Воспоминание Набокова о родителях связано с летней порой. Мое - с более суровыми временами года. Помню, как мать ведет меня в поликлинику на прием к врачу. Дело происходит зимой. На мне одет шарф, зимняя шапка, теплое пальто. Я смотрю по сторонам. Большой пятиэтажный дом с магазином, мимо которого мы с мамой проходим, кажется мне сказочным, полным чудес. Наверняка в нем живут замечательные, необыкновенные люди. С восторгом я гляжу на прохожих, впрочем, восторги мои умеряет необыкновенно холодная погода, запомнившаяся мне.
Вот мы приходим в поликлинику, раздеваемся в гардеробе. Потом долго сидим в коридоре, причем я с опаской посматриваю на тех, кто покашливает - боюсь заразиться второй раз. Это долгое сидение в коридоре поликлиники в компании с мамой мне запоминается больше, чем сам прием врача, к которому это ожидание было преамбулой.
Помню другой эпизод. На улице стоит золотая осень. Мы с отцом идем по улице Ватутина, направляясь к магазину "Спорттовары". Мне, надо сказать, всегда нравилось посещать этот магазин. На выставленные в нем товары я смотрел как на интересные игрушки, с которыми можно позабавиться в часы досуга. Итак, мы идем с отцом по улице. Совсем недалеко от нас проносятся легковые машины. На мне одет свитер ( или кофта ) и осенняя куртка. Мы о чем-то разговариваем с отцом.. Деревья стоят в тяжелом золотом наряде ( как помню, это были березы, много их росло тогда на Левом берегу ).
Самые же первые воспоминания о родителях связаны с моей детской кроваткой. Я в ней лежу, а надо мною склоняется мать. Уже в то время я учусь ценить общество матери как самого дорогого, самого близкого мне человека.
Здесь можно вспомнить о том, как описывал время, проведенное в детской кровати, Владимир Набоков. "Первобытная пещера, а не модное лоно, - вот ( венским мистикам наперекор ) образ моих игр, когда мне было три - четыре года". Набоков вспоминает большой диван, с клеверным крапом по белому кретону, в одной из гостиных деревенского дома Набоковых. Это легендарный массив, нагроможденный еще в "доисторическую" эру.
"С помощью взрослого домочадца ( которому приходилось действовать сначала обеими руками, а потом мощным коленом ), диван несколько отодвигался от стены ( здравствуйте, дырочки штепселя ). Из диванных валиков строилась крыша; тяжелые подушки служили заслонами с обоих концов. Ползти на четвереньках по этому безпросветно-черному туннелю было сказочным наслаждением. Делалось душно и страшно, в коленко впивался кусочек ореховой скорлупы, но я все же медлил в этой давящей тьме, слушая тупой звон в ушах, рассудительный звон одиночества, стол знакомый малышам, вовлеченным игрой в пыльные, грустно-укромные углы. Темнота становилась слепотой, слепота искрилась по-своему".
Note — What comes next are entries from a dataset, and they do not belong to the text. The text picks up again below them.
Theorem mainTheorem18 (V : choiceType) (R : realType)
  (S T : {fset V}) (N : nat) (Sf Tf : 'I_N -> {fset V})
  (f : forall i : 'I_N, Memory R (Sf i) -> Memory R (Tf i))
  (mu : Memory R S -> R) (mu' : Memory R T -> R) :
  is_distr mu ->
  (forall i, Sf i != fset0) -> (forall i j, i != j -> [disjoint Sf i & Sf j]) ->
  \bigcup_(i in 'I_N) Sf i = S ->
  (forall i, Tf i != fset0) -> (forall i j, i != j -> [disjoint Tf i & Tf j]) ->
  \bigcup_(i in 'I_N) Tf i = T ->
  ((forall i, nondecr (@mem_le V R (Sf i)) (@mem_le V R (Tf i)) (f i)) \/
   (forall i, nonincr (@mem_le V R (Sf i)) (@mem_le V R (Tf i)) (f i))) ->
  is_pushforward mu
    (fun m : Memory R S => join_mem T (fun i => f i (restr (Sf i) m))) mu' ->
  PNA mu [fset Sf i | i in 'I_N] ->
  PNA mu' [fset Tf i | i in 'I_N].
Proof.
move=> [mu_ge0 _ _] Sf_neq0 Sf_disj _ Tf_neq0 Tf_disj TU f_mon mu'E [_ PNA_mu].
split=> [|P g P_part P_co g_ge0 g_mon]; first by rewrite fbigU_imfset TU.
have Expect_mu' G :
    (forall m, 0 <= G m) -> Expect mu' G = Expect mu (G \o join_image T f) :=
  fun G_ge0 => Expect_pushforward mu_ge0 G_ge0 mu'E.
have testE A (m : Memory R S) : A \in P ->
    pull_test T f g (restr (pull Sf Tf A) m) = g A (restr A (join_image T f m)).
  exact: (pull_testE Sf_neq0 Sf_disj Tf_disj P_co).
have pull_inj_P := pull_inj Sf_neq0 Sf_disj Tf_disj P_co.
have lhsE : Expect mu' (fun m' => \prod_(A <- P) g A (restr A m')) =
    Expect mu (fun m =>
      \prod_(B <- [fset pull Sf Tf A | A in P]) pull_test T f g (restr B m)).
  rewrite Expect_mu' => [|m]; last by rewrite /= big_seq; apply: prodr_ge0 => A /g_ge0.
  congr Expect; apply: funext => m /=; rewrite big_imfset //=.
  by apply: eq_big_seq => A AP; rewrite testE.
have rhsE A : A \in P -> Expect mu' (fun m' => g A (restr A m')) =
    Expect mu (fun m => pull_test T f g (restr (pull Sf Tf A) m)).
  move=> AP; rewrite Expect_mu' => [|m]; last exact: g_ge0.
  by congr Expect; apply: funext => m /=; rewrite testE.
rewrite lhsE (eq_big_seq _ rhsE).
have := PNA_mu [fset pull Sf Tf A | A in P] (pull_test T f g).
rewrite big_imfset //=; apply.
- exact: pull_partition.
- exact: pull_coarsens.
- exact: pull_test_ge0.
- exact: pull_test_monotone.
Qed.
Описывает Набоков и следующую игру, которая была и мечтательной, и тонкой. Она происходила, когда будущий писатель, проснувшись раньше обыкновенного, сооружал шатер из простыни и одеяла - и "давал волю воображению". "Заодно воскресает образ моей детской кровати, с подъемными сетками из пушистого шнура по бокам, чтобы автор не выпал".
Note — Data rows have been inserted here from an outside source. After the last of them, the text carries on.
(* By induction on n it suffices that each rule maps i.i.d. columns to i.i.d.
   columns with the expected law.  The \/-rule acts column by column through the
   measurable map Phi_b, so this is immediate.  The /\-rule applies Phi_A to the
   disjoint pairs (X(2i,.), X(2i+1,.)); these pairs are i.i.d. with law mu \x mu.
   The product formula for them is checked directly on products of rectangles and
   then extended to arbitrary measurable subsets of S x S one pair at a time,
   since two finite measures agreeing on a pi-system that generates the
   sigma-algebra agree everywhere. *)

Set Implicit Arguments.
Unset Strict Implicit.
Unset Printing Implicit Defensive.

Import Order.TTheory GRing.Theory Num.Theory.

Local Open Scope classical_set_scope.

Lemma bigcap_fsetD1 {I : choiceType} {T : Type} {J : {fset I}} {k : I} (F : I -> set T) :
  k \in J -> \bigcap_(i in [set` J]) F i = F k `&` \bigcap_(i in [set` (J `\ k)%fset]) F i.
Proof. by move=> kJ; rewrite set_fsetD1; exact: bigcap_setD1. Qed.

Section product_rule.
Local Open Scope ereal_scope.
Context d (Omega : measurableType d) (R : realType) (P : probability Omega R).
Context dT (T : measurableType dT).

Definition product_rule (G : set (set T)) (Z : nat -> Omega -> T) (m : probability T R) :=
  forall (I : {fset nat}) (A : nat -> set T), (forall i, i \in I -> G (A i)) ->
  P (\bigcap_(i in [set` I]) (Z i @^-1` A i)) = \prod_(i <- I) m (A i).

Lemma product_rule_uniq (G : set (set T)) (Z : nat -> Omega -> T) (m : probability T R) :
  product_rule G Z m -> forall (s : seq nat) (A : nat -> set T), uniq s ->
  (forall i, i \in s -> G (A i)) ->
  P (\bigcap_(i in [set` s]) (Z i @^-1` A i)) = \prod_(i <- s) m (A i).
Proof.
move=> hZ s A us GA.
have -> : [set` s] = [set` seq_fset tt s].
  by apply: eq_set => i; rewrite seq_fsetE.
have hs : perm_eq (seq_fset tt s) s by rewrite -{2}(undup_id us) seq_fset_perm.
rewrite -(perm_big _ hs).
by apply: hZ => i; rewrite seq_fsetE; exact: GA.
Qed.

Section generator.
Variable G : set (set T).
Hypotheses (mG : measurable = <<s G >>) (setIG : setI_closed G) (GT : G setT).

Lemma preimage_setI_from_generator (m : probability T R) (Z : Omega -> T) (E : set Omega) :
  measurable_fun setT Z -> measurable E ->
  (forall D, G D -> P (Z @^-1` D `&` E) = m D * P E) ->
  forall D, measurable D -> P (Z @^-1` D `&` E) = m D * P E.
Proof.
move=> mZ mE hG D mD.
pose r := NngNum (fine_ge0 (measure_ge0 P E)).
(* the measure instance of [pushforward] depends on [mZ], hence the explicit name *)
pose m1 := measure_function_pushforward__canonical__measure_function_Measure (mrestr P mE) mZ.
pose m2 := mscale r m.
have m2E A : m2 A = m A * P E by rewrite /m2 /mscale /r /= fineK ?fin_num_measure // muleC.
rewrite -m2E.
apply: (measure_unique G (fun=> setT) mG setIG (fun=> GT) _ m1 m2) => //.
- by rewrite bigcup_const.
- by move=> A GA; rewrite -[RHS]/(m2 A) m2E; exact: hG.
- move=> _; apply: (le_lt_trans (probability_le1 P _) (ltry _)).
  by rewrite preimage_setT setTI.
Qed.

Lemma product_rule_from_generator (Z : nat -> Omega -> T) (m : probability T R) :
  (forall i, measurable_fun setT (Z i)) -> product_rule G Z m -> product_rule measurable Z m.
Proof.
move=> mZ hG.
have GW D : G D -> measurable D by rewrite mG; exact: sub_sigma_algebra.
(* [J] lists the coordinates at which [A] need not lie in [G]. *)
suff free (J : seq nat) (I : {fset nat}) (A : nat -> set T) :
    (forall i, i \in I -> measurable (A i)) ->
    (forall i, i \in I -> i \notin J -> G (A i)) ->
    P (\bigcap_(i in [set` I]) (Z i @^-1` A i)) = \prod_(i <- I) m (A i).
  by move=> I A mA; apply: (free I) => // i iI; rewrite iI.
elim: J I A => [|j J IH] I A mA GA; first by apply: hG => i iI; exact: GA.
have [jI|jNI] := boolP (j \in I); last first.
  apply: IH => // i iI iJ; apply: GA; rewrite // inE negb_or iJ andbT.
  by apply: contraNneq jNI => <-.
set E := \bigcap_(i in [set` (I `\ j)%fset]) (Z i @^-1` A i).
have PE : P E = \prod_(i <- (I `\ j)%fset) m (A i).
  apply: IH => i; rewrite in_fsetD1 => /andP [ij iI]; first exact: mA.
  by move=> iJ; apply: GA; rewrite // inE negb_or ij.
rewrite (bigcap_fsetD1 _ jI) (big_fsetD1 j jI) /= -/E -PE.
apply: preimage_setI_from_generator => //; last exact: mA.
  apply: fin_bigcap_measurable; first exact: finite_fset.
  move=> i; rewrite /= in_fsetD1 => /andP [_ iI].
  by rewrite -[X in measurable X]setTI; apply: mZ => //; exact: mA.
move=> D GD; pose A' i := if i == j then D else A i.
have A'E i : i \in (I `\ j)%fset -> A' i = A i.
  by rewrite in_fsetD1 /A' => /andP [/negbTE ->].
have E' : \bigcap_(i in [set` (I `\ j)%fset]) (Z i @^-1` A' i) = E.
  by apply: eq_bigcapr => i /A'E ->.
have c' : \prod_(i <- (I `\ j)%fset) m (A' i) = P E.
  by rewrite PE big_seq [RHS]big_seq; apply: eq_bigr => i /A'E ->.
have := IH I A'; rewrite (bigcap_fsetD1 _ jI) (big_fsetD1 j jI) /= E' c' /A' eqxx; apply.
- by move=> i iI; case: eqP => _; [exact: GW | exact: mA].
- move=> i iI iJ; case: eqP => [//|/eqP ij].
  by apply: GA; rewrite // inE negb_or ij.
Qed.
End generator.
End product_rule.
Любил и я попрятаться в одеяле. Одеяло как бы скрывало меня от внешнего мира, в том числе и от моих родителей. Я воображал себя обитателям древней пещеры, в которую я могу пригласить, скажем, моего предка или любого родственника, и где можно в сумерках разговаривать о чем угодно.
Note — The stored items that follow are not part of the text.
Lemma T0_comp phi psi : smooth phi -> smooth psi -> psi 0 = 0 ->
  T0 (fun x => phi (psi x)) = fps_comp (T0 phi) (T0 psi).
Proof.
  move=> Hphi Hpsi psi0; apply: functional_extensionality => n.
  have T0psi0 : T0 psi 0%nat = 0 by rewrite T0_0.
  have Apsi := agree_to_T0 psi n Hpsi.
  have Bpsi := agree_to_bounded _ _ _ Apsi (bounded_near0_fps_trunc _ _).
  apply: (fps_trunc_unique n) => //.
  apply: (agree_to_trans _ (agree_to_sym (agree_to_T0 _ n (smooth_comp _ _ Hphi Hpsi)))).
  apply: (agree_to_trans _ _ (agree_to_fps_comp _ _ n T0psi0)).
  apply: (agree_to_trans (fun x => fps_trunc (T0 phi) n (psi x))).
  - apply: agree_to_comp (agree_to_T0 _ _ Hphi) _ _.
    + by rewrite -{2}psi0; apply: ex_derive_continuous; apply: (Hpsi 1%nat).
    + apply: (agree_to_trans _ (agree_to_T0 psi 0 Hpsi) (agree_to_ext _ _ _ _)) => x.
      by rewrite /fps_trunc /= T0psi0 Rmult_0_l.
  - apply: agree_to_sum => k _; apply: agree_to_mult.
    + exact: bounded_near0_const.
    + exact: bounded_near0_pow (bounded_near0_fps_trunc _ _).
    + exact: agree_to_ext.
    + exact: agree_to_pow (bounded_near0_fps_trunc _ _) Apsi.
Qed.

(** * The group of formal power series under composition *)

Lemma sum_f_R0_delta (v : R) j N : (j <= N)%nat ->
  sum_f_R0 (fun i => if Nat.eqb i j then v else 0) N = v.
Proof.
  elim: N => [|N IH] Hj; first by have -> : j = 0%nat by lia.
  have [-> | Hj'] : j = S N \/ (j <= N)%nat by lia.
  - rewrite tech5 Nat.eqb_refl sum_eq_R0 ?Rplus_0_l // => i Hi.
    by case: (Nat.eqb_spec i (S N)) => //; lia.
  - rewrite tech5 IH //; case: (Nat.eqb_spec (S N) j) => [|_]; [lia | ring].
Qed.

Lemma fps_pow_diag B : B 0%nat = 0 -> forall m, fps_pow B m m = B 1%nat ^ m.
Proof.
  move=> B0; elim=> [|m IH] //=.
  rewrite /fps_mul (sum_eq _ (fun i => if Nat.eqb i 1 then B 1%nat * fps_pow B m m else 0)).
    by rewrite sum_f_R0_delta ?IH //; lia.
  move=> i Hi; case: (Nat.eqb_spec i 1) => [-> | Hi1]; first by rewrite Nat.sub_1_r.
  case: i Hi Hi1 => [|i] Hi Hi1; first by rewrite B0 Rmult_0_l.
  by rewrite fps_pow_low //; [ring | lia].
Qed.

Lemma fps_comp_cancel_r A C B : B 0%nat = 0 -> B 1%nat <> 0 ->
  fps_comp A B = fps_comp C B -> A = C.
Proof.
  move=> B0 B1 E; apply: functional_extensionality => m.
  suff : forall j, (j <= m)%nat -> A j = C j by apply; lia.
  elim: m => [|m IH] j Hj.
    have -> : j = 0%nat by lia.
    by have := f_equal (fun F => F 0%nat) E; rewrite /fps_comp /= /fps_one /=; lra.
  case: (Nat.eq_dec j (S m)) => [-> | Hjm]; last by apply: IH; lia.
  have := f_equal (fun F => F (S m)) E; rewrite /fps_comp !tech5.
  rewrite (sum_eq (fun k => A k * fps_pow B k (S m)) (fun k => C k * fps_pow B k (S m)));
    last by move=> i Hi; rewrite IH.
  rewrite fps_pow_diag // => Em.
  apply: (Rmult_eq_reg_r (B 1%nat ^ S m)); first lra.
  exact: pow_nonzero.
Qed.

Lemma fps_pow_X k m : fps_pow fps_X k m = if Nat.eqb k m then 1 else 0.
Proof.
  elim: k m => [|k IH] [|m] //=; rewrite /fps_mul.
  - by rewrite /fps_X /=; ring.
  - rewrite (sum_eq _ (fun i => if Nat.eqb i 1 then fps_pow fps_X k m else 0)).
      by rewrite sum_f_R0_delta ?IH //; lia.
    move=> i Hi; rewrite /fps_X; case: (Nat.eqb_spec i 1) => [-> | _]; last ring.
    by rewrite Nat.sub_1_r /= Rmult_1_l.
Qed.

Lemma fps_comp_X_r A : fps_comp A fps_X = A.
Proof.
  apply: functional_extensionality => m; rewrite /fps_comp.
  rewrite (sum_eq _ (fun k => if Nat.eqb k m then A m else 0)) ?sum_f_R0_delta //.
  by move=> i _; rewrite fps_pow_X; case: (Nat.eqb_spec i m) => [-> | _]; ring.
Qed.

Lemma fps_comp_X_l A : A 0%nat = 0 -> fps_comp fps_X A = A.
Proof.
  move=> A0; apply: functional_extensionality => -[|m]; rewrite /fps_comp.
    by rewrite /= /fps_X /= A0; ring.
  rewrite (sum_eq _ (fun k => if Nat.eqb k 1 then fps_pow A 1 (S m) else 0)).
    rewrite sum_f_R0_delta /= /fps_mul; last lia.
    rewrite (sum_eq _ (fun i => if Nat.eqb i (S m) then A (S m) else 0)) ?sum_f_R0_delta //.
    move=> i Hi; rewrite /fps_one; case: (Nat.eqb_spec i (S m)) => [-> | Hne].
      by rewrite Nat.sub_diag /=; ring.
    by case: (Nat.eqb_spec (S m - i) 0) => [|_]; [lia | ring].
  by move=> i _; rewrite /fps_X; case: (Nat.eqb_spec i 1) => [-> | _]; ring.
Qed.

Lemma T0_id : T0 (fun x => x) = fps_X.
Proof.
  apply: functional_extensionality => n; rewrite /T0 /fps_X.
  rewrite (Derive_n_ext (fun x => x) (fun x => x ^ 1) n 0); last by move=> x; rewrite pow_1.
  rewrite Derive_n_pow; case: n => [|[|n]] /=; try field.
  by apply: not_0_INR; have := lt_O_fact n; lia.
Qed.

(** * Diffeomorphisms and conjugacy *)

Lemma inverse_fun_comp f finv g ginv : inverse_fun f finv -> inverse_fun g ginv ->
  inverse_fun (fun x => f (g x)) (fun y => ginv (finv y)).
Proof. by move=> [Ef1 Ef2] [Eg1 Eg2]; split => x; rewrite ?Ef1 ?Eg1 ?Eg2 ?Ef2. Qed.

Lemma inverse_fun_unique f g g' : inverse_fun f g -> inverse_fun f g' -> g = g'.
Proof.
  move=> [_ E2] [E1' _]; apply: functional_extensionality => y.
  by rewrite -{2}(E2 y) E1'.
Qed.

Lemma smooth_inverse h hinv : diffeo h -> inverse_fun h hinv -> smooth hinv.
Proof. by move=> [_ [g [Hg Sg]]] Hinv; rewrite (inverse_fun_unique _ _ _ Hinv Hg). Qed.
Особенно разыгрывалась моя фантазия и мое неуемное воображение в утренние часы, после снов. Я как бы находился в пограничном состоянии - между этим миром и миром снов. В этом состоянии особенно вольно фантазировалось на разные темы. В сознании мелькали отголоски фраз, сказанных днем, дневные образы, возникали лица сказочных героев, персонажей из телевизионных сказок.
Когда я заболевал, мать и отец устраивали мне следующую процедуру. Необходимо было дышать над горячей, только что сваренной картошкой в мундире. Но не просто дышать - я должен был накинуть на себя плотное, не пропускающее свет одеяло. Я ждал облегчения симптомов болезни - и вкус, и смак этого ожидания смешивались с чувством таинственности, которое я испытывал оказавшись на минуту - другую в темноте посреди ярко освещенной кухни. Я стоял и дышал над картошкой. А после завершения процедуры мать всячески радовалась ( ей казалось, что теперь болезнь пройдет как по мановению волшебной палочки ). И я разделял эту ее радость. Кроме того, по завершении процедуры можно было угоститься вареной картошкой, которую я наворачивал, посыпав солью. И в ту минуту мне казалось, что сказочнее, заветнее этого угощения на земле ничего и быть не может.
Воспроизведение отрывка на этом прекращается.